Media analyst Steve Allen, Pearman’s director of strategy and research: “The new seven year deal is $1.5 billion but this is a maximum based on some elements of ratings performance on Seven’s side of the equation.

“It was reported that Paramount was interested but only if it could secure both the FTA and subscription rights.”

He says the Seven strategy had three elements:

  • An ongoing dispute on what Cricket Australia supplied within the contract, in terms of calendar, tournaments, scheduling, popularity plus quality of players/competition, with particular reference to, but not confined to the Big Bash League.
  • A legal case (now dropped)
  • A pre-emptive deadline for formal acceptance OR rejection set by Seven for 5pm, December, 30, 2022.

Allen: “These various tactics clearly worked in the end as Seven have reportedly renewed the contract at a near 15% discount; $75 million per annum to $65 million. plus a 2% a year rise, plus $7 million a year contra.

“We understand there is also a Cricket Australia revenue enhancer, or discounter, based on FTA ratings performance.

“Seven will cover the Tests and the Big Bash League (BBL) while Foxtel retains the T20 and One Day Internationals exclusively. The Women's Big Bash League is included on both.

“This means Foxtel’s contribution and proportion has increased from $125 million p.a. to near $140 million p.a., or from 60% to 65% of the total cost.”

Is it worth it?

Allen: “What media coverage of these rights issues do not often get is both Context and Perspective. Very simply, TV ratings deliver revenue.

“Thus it is primarily the ratings potential which does and should determine the amount of risk in any bid. Within this the extra ingredients are scheduling and hours of play.

“Plus any production costs, although these have come down as a lot of sports today provide their own host feed as the sports (particularly domestic) want to retain the copyright over coverage, digital rights and replay.

“Olympics are pretty simple; approximately 224 hours (on the primary channel) of live telecasting, however with modern technology, Seven have used up to 45 digital streaming channels simultaneously, plus use of their 3 Digital Broadcast channels.

“Cricket is much more variable due to weather, standard of competition….but anywhere from 368 hours to 460 - 500 hours depending on the schedule. BBL will be cut back from 61 matches in recent years back to a previous calendar of a 43 match competition. Presently Tests are around 30%-43% of hours. Tests are 75-80% daytime and presently out-rate BBL by around 2 to 1 despite BBL being nearly all Peak night.”

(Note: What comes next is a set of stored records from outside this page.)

Lemma obsS2_treated : obsS2 G S20 S21 `&` grp G true = G `&` S21.
Proof.
apply/seteqP; split=> w; first by move=> [[[]|[]]].
by move=> [Gw S21w]; split => //; left.
Qed.

Lemma obsS2_control : obsS2 G S20 S21 `&` grp G false = ~` G `&` S20.
Proof.
apply/seteqP; split=> w; first by move=> [[[]|[]]].
by move=> [nGw S20w]; split => //; right.
Qed.

Lemma treated_obsS2 : G `&` obsS2 G S20 S21 = G `&` S21.
Proof. by rewrite setIC obsS2_treated. Qed.

Lemma control_obsS2 : ~` G `&` obsS2 G S20 S21 = ~` G `&` S20.
Proof. by rewrite setIC obsS2_control. Qed.

Lemma Ydd_treated w : G w -> Y w = Y21 w - Y1 w.
Proof.
by move=> Gw; rewrite /Ydd /obsY2 indicE mem_set // subrr mul0r addr0 mul1r.
Qed.

Lemma Ydd_control w : ~ G w -> Y w = Y20 w - Y1 w.
Proof.
by move=> nGw; rewrite /Ydd /obsY2 indicE memNset // subr0 mul0r add0r mul1r.
Qed.

Lemma DeltaLBE : DeltaLB P G S20 S21 Y1 Y20 Y21 =
  cexp P Y (lower_tail P Y (G `&` S21) (pi1 P G S20 S21))
  - cexp P Y (upper_tail P Y (~` G `&` S20) (pi0 P G S20 S21)).
Proof.
by rewrite /DeltaLB /Fdd /= obsS2_treated obsS2_control treated_obsS2 control_obsS2.
Qed.

Lemma DeltaUBE : DeltaUB P G S20 S21 Y1 Y20 Y21 =
  cexp P Y (upper_tail P Y (G `&` S21) (pi1 P G S20 S21))
  - cexp P Y (lower_tail P Y (~` G `&` S20) (pi0 P G S20 S21)).
Proof.
by rewrite /DeltaUB /Fdd /= obsS2_treated obsS2_control treated_obsS2 control_obsS2.
Qed.

Hypothesis ok : model_ok P G S1 S20 S21 Y1 Y20 Y21.

Let mG : measurable G. Proof. by case: ok => -[[]]. Qed.
Let mS20 : measurable S20. Proof. by case: ok => -[[]]. Qed.
Let mS21 : measurable S21. Proof. by case: ok => -[[]]. Qed.

Let mY : measurable_fun setT Y.
Proof.
case: ok => -[_ [mY1 mY20 mY21]] _ _ _ _.
by apply: measurable_funB => //; exact: measurable_obsY2.
Qed.

Let mtreated : measurable (G `&` S21). Proof. exact: measurableI. Qed.
Let mcontrol : measurable (~` G `&` S20).
Proof. by apply: measurableI => //; exact: measurableC. Qed.

Let observed_treated :
  [/\ 0 < fine (P (G `&` S21)), continuous (Defs.ccdf P Y (G `&` S21))
    & P.-integrable (G `&` S21) (fun w => (Y w)%:E)].
Proof. by case: ok => _ _ _ /(_ true); rewrite /Fdd obsS2_treated. Qed.

Let observed_control :
  [/\ 0 < fine (P (~` G `&` S20)), continuous (Defs.ccdf P Y (~` G `&` S20))
    & P.-integrable (~` G `&` S20) (fun w => (Y w)%:E)].
Proof. by case: ok => _ _ _ /(_ false); rewrite /Fdd obsS2_control. Qed.

Lemma ATT_AO_cexp_Ydd : ATT_AO P G S20 S21 Y20 Y21 =
  cexp P Y (G `&` AO S20 S21) - cexp P Y (~` G `&` AO S20 S21).
Proof.
case: ok => _ _ [int_trend _ PPT] _ _; have [_ _ intY] := observed_treated.
have mAO : measurable (G `&` AO S20 S21) by do 2 apply: measurableI => //.
rewrite /ATT_AO (eq_cexp P (g := fun w => Y w - (Y20 w - Y1 w))); last first.
  by move=> w [Gw _]; rewrite Ydd_treated //; ring.
rewrite cexpB //; last by apply: integrableS intY => // w [Gw [_ S21w]].
by rewrite PPT; congr (_ - _); apply: eq_cexp => w [nGw _]; rewrite Ydd_control.
Qed.

Lemma ATT_AO_bounds :
  DeltaLB P G S20 S21 Y1 Y20 Y21 <= ATT_AO P G S20 S21 Y20 Y21
                                 <= DeltaUB P G S20 S21 Y1 Y20 Y21.
Proof.
case: ok => _ _ _ _ [pi1_01 pi0_01].
have [PB1 cF1 intY1] := observed_treated; have [PB0 cF0 intY0] := observed_control.
have /andP[lower1 upper1] : cexp P Y (lower_tail P Y (G `&` S21) (pi1 P G S20 S21))
    <= cexp P Y (G `&` AO S20 S21)
    <= cexp P Y (upper_tail P Y (G `&` S21) (pi1 P G S20 S21)).
  apply: cexp_between_tails => //.
  - by do 2 apply: measurableI => //.
  - by move=> w [Gw [_ S21w]].
  - by rewrite /AO setICA fine_measureI_cprob.
have /andP[lower0 upper0] : cexp P Y (lower_tail P Y (~` G `&` S20) (pi0 P G S20 S21))
    <= cexp P Y (~` G `&` AO S20 S21)
    <= cexp P Y (upper_tail P Y (~` G `&` S20) (pi0 P G S20 S21)).
  apply: cexp_between_tails => //.
  - by apply: measurableI; [exact: measurableC | exact: measurableI].
  - by move=> w [nGw [S20w _]].
  - by rewrite /AO (setIC S20) setICA fine_measureI_cprob.
by rewrite ATT_AO_cexp_Ydd DeltaLBE DeltaUBE; apply/andP; split; lra.
Qed.

Section alternative_model.
Variables (L1 U0 : set T).
Hypotheses (mL1 : measurable L1) (L1_sub : L1 `<=` G `&` S21).
Hypothesis PL1 : fine (P L1) = pi1 P G S20 S21 * fine (P (G `&` S21)).
Hypotheses (mU0 : measurable U0) (U0_sub : U0 `<=` ~` G `&` S20).
Hypothesis PU0 : fine (P U0) = pi0 P G S20 S21 * fine (P (~` G `&` S20)).

(* [L1] and [U0] become the Always-Observed units of the two groups, and the
   treated ones get the untreated trend [Y2(0) - Y1] equal to the mean trend of
   [U0], so that Principal Parallel Trends holds. *)
Definition alt_S20 : set T := L1 `|` (~` G `&` S20).
Definition alt_S21 : set T := (G `&` S21) `|` U0.
Definition alt_Y20 : T -> R := obsY2 G Y20 (fun w => Y1 w + cexp P Y U0).

Lemma obsS2_alt : obsS2 G alt_S20 alt_S21 = obsS2 G S20 S21.
Proof.
apply/seteqP; split => w.
- by move=> [[Gw [[]|/U0_sub[]]]|[nGw [/L1_sub[]|[]]]] //; [left | right].
- by move=> [[Gw S21w]|[nGw S20w]]; [left; split => //; left | right; split => //; right].
Qed.

Lemma obsY2_alt : obsY2 G alt_Y20 Y21 = obsY2 G Y20 Y21.
Proof.
apply/funext => w; rewrite /alt_Y20 /obsY2 indicE.
by have [Gw|nGw] := pselect (G w); [rewrite mem_set | rewrite memNset];
  rewrite ?subrr ?subr0 ?mul0r ?mul1r ?addr0 ?add0r.
Qed.

Lemma Ydd_alt : Ydd G Y1 alt_Y20 Y21 = Y.
Proof. by rewrite /Ydd obsY2_alt. Qed.

Lemma treated_AO_alt : G `&` AO alt_S20 alt_S21 = L1.
Proof.
apply/seteqP; split => w; first by move=> [Gw [[//|[]//] _]].
by move=> /[dup] L1w /L1_sub[Gw S21w]; split => //; split; left.
Qed.

Lemma control_AO_alt : ~` G `&` AO alt_S20 alt_S21 = U0.
Proof.
apply/seteqP; split => w; first by move=> [nGw [_ [[]//|//]]].
by move=> /[dup] U0w /U0_sub[nGw S20w]; split => //; split; right.
Qed.

Lemma pi1_alt : pi1 P G alt_S20 alt_S21 = pi1 P G S20 S21.
Proof.
have [PB1 _ _] := observed_treated.
have treated_alt : G `&` alt_S21 = G `&` S21.
  apply/seteqP; split => w; first by move=> [Gw [//|/U0_sub[]]].
  by move=> [Gw S21w]; split => //; left.
by rewrite /pi1 /cprob setICA treated_AO_alt treated_alt PL1 mulfK // gt_eqF.
Qed.

Lemma pi0_alt : pi0 P G alt_S20 alt_S21 = pi0 P G S20 S21.
Proof.
have [PB0 _ _] := observed_control.
have control_alt : ~` G `&` alt_S20 = ~` G `&` S20.
  apply/seteqP; split => w; first by move=> [nGw [/L1_sub[]|//]].
  by move=> [nGw S20w]; split => //; right.
rewrite /pi0 /cprob setICA (setIC alt_S21) control_AO_alt control_alt PU0.
by rewrite mulfK // gt_eqF.
Qed.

Analysts at investment bank Goldman Sachs: “Cricket Sports rights extended to 2031 with the seven-year package worth $1.512 billion (A$216 million p.a. Vs 2019-24 cost of $197 million p.a.).

“Despite now securing the FTA + shared digital rights (previously just Kayo), SWM expects $65 million in FY25 cash costs, representing a -13% reduction vs. the current agreement, with similar contra as previous.

“However we do note the new terms include a shorter BBL season (c.30% fewer games), and do not include 10 ‘Super Saturday’ BBL games held exclusively by NWS.

“While we see the discount SWM achieved vs historical costs as a positive outcome from the negotiations, especially when compared to other recent sportscost negotiations (Tennis/AFL/NRL increasing) and noting the inclusion of digital
rights, we believe this is offset by the smaller BBL schedule, and revenue share model (lower upside).”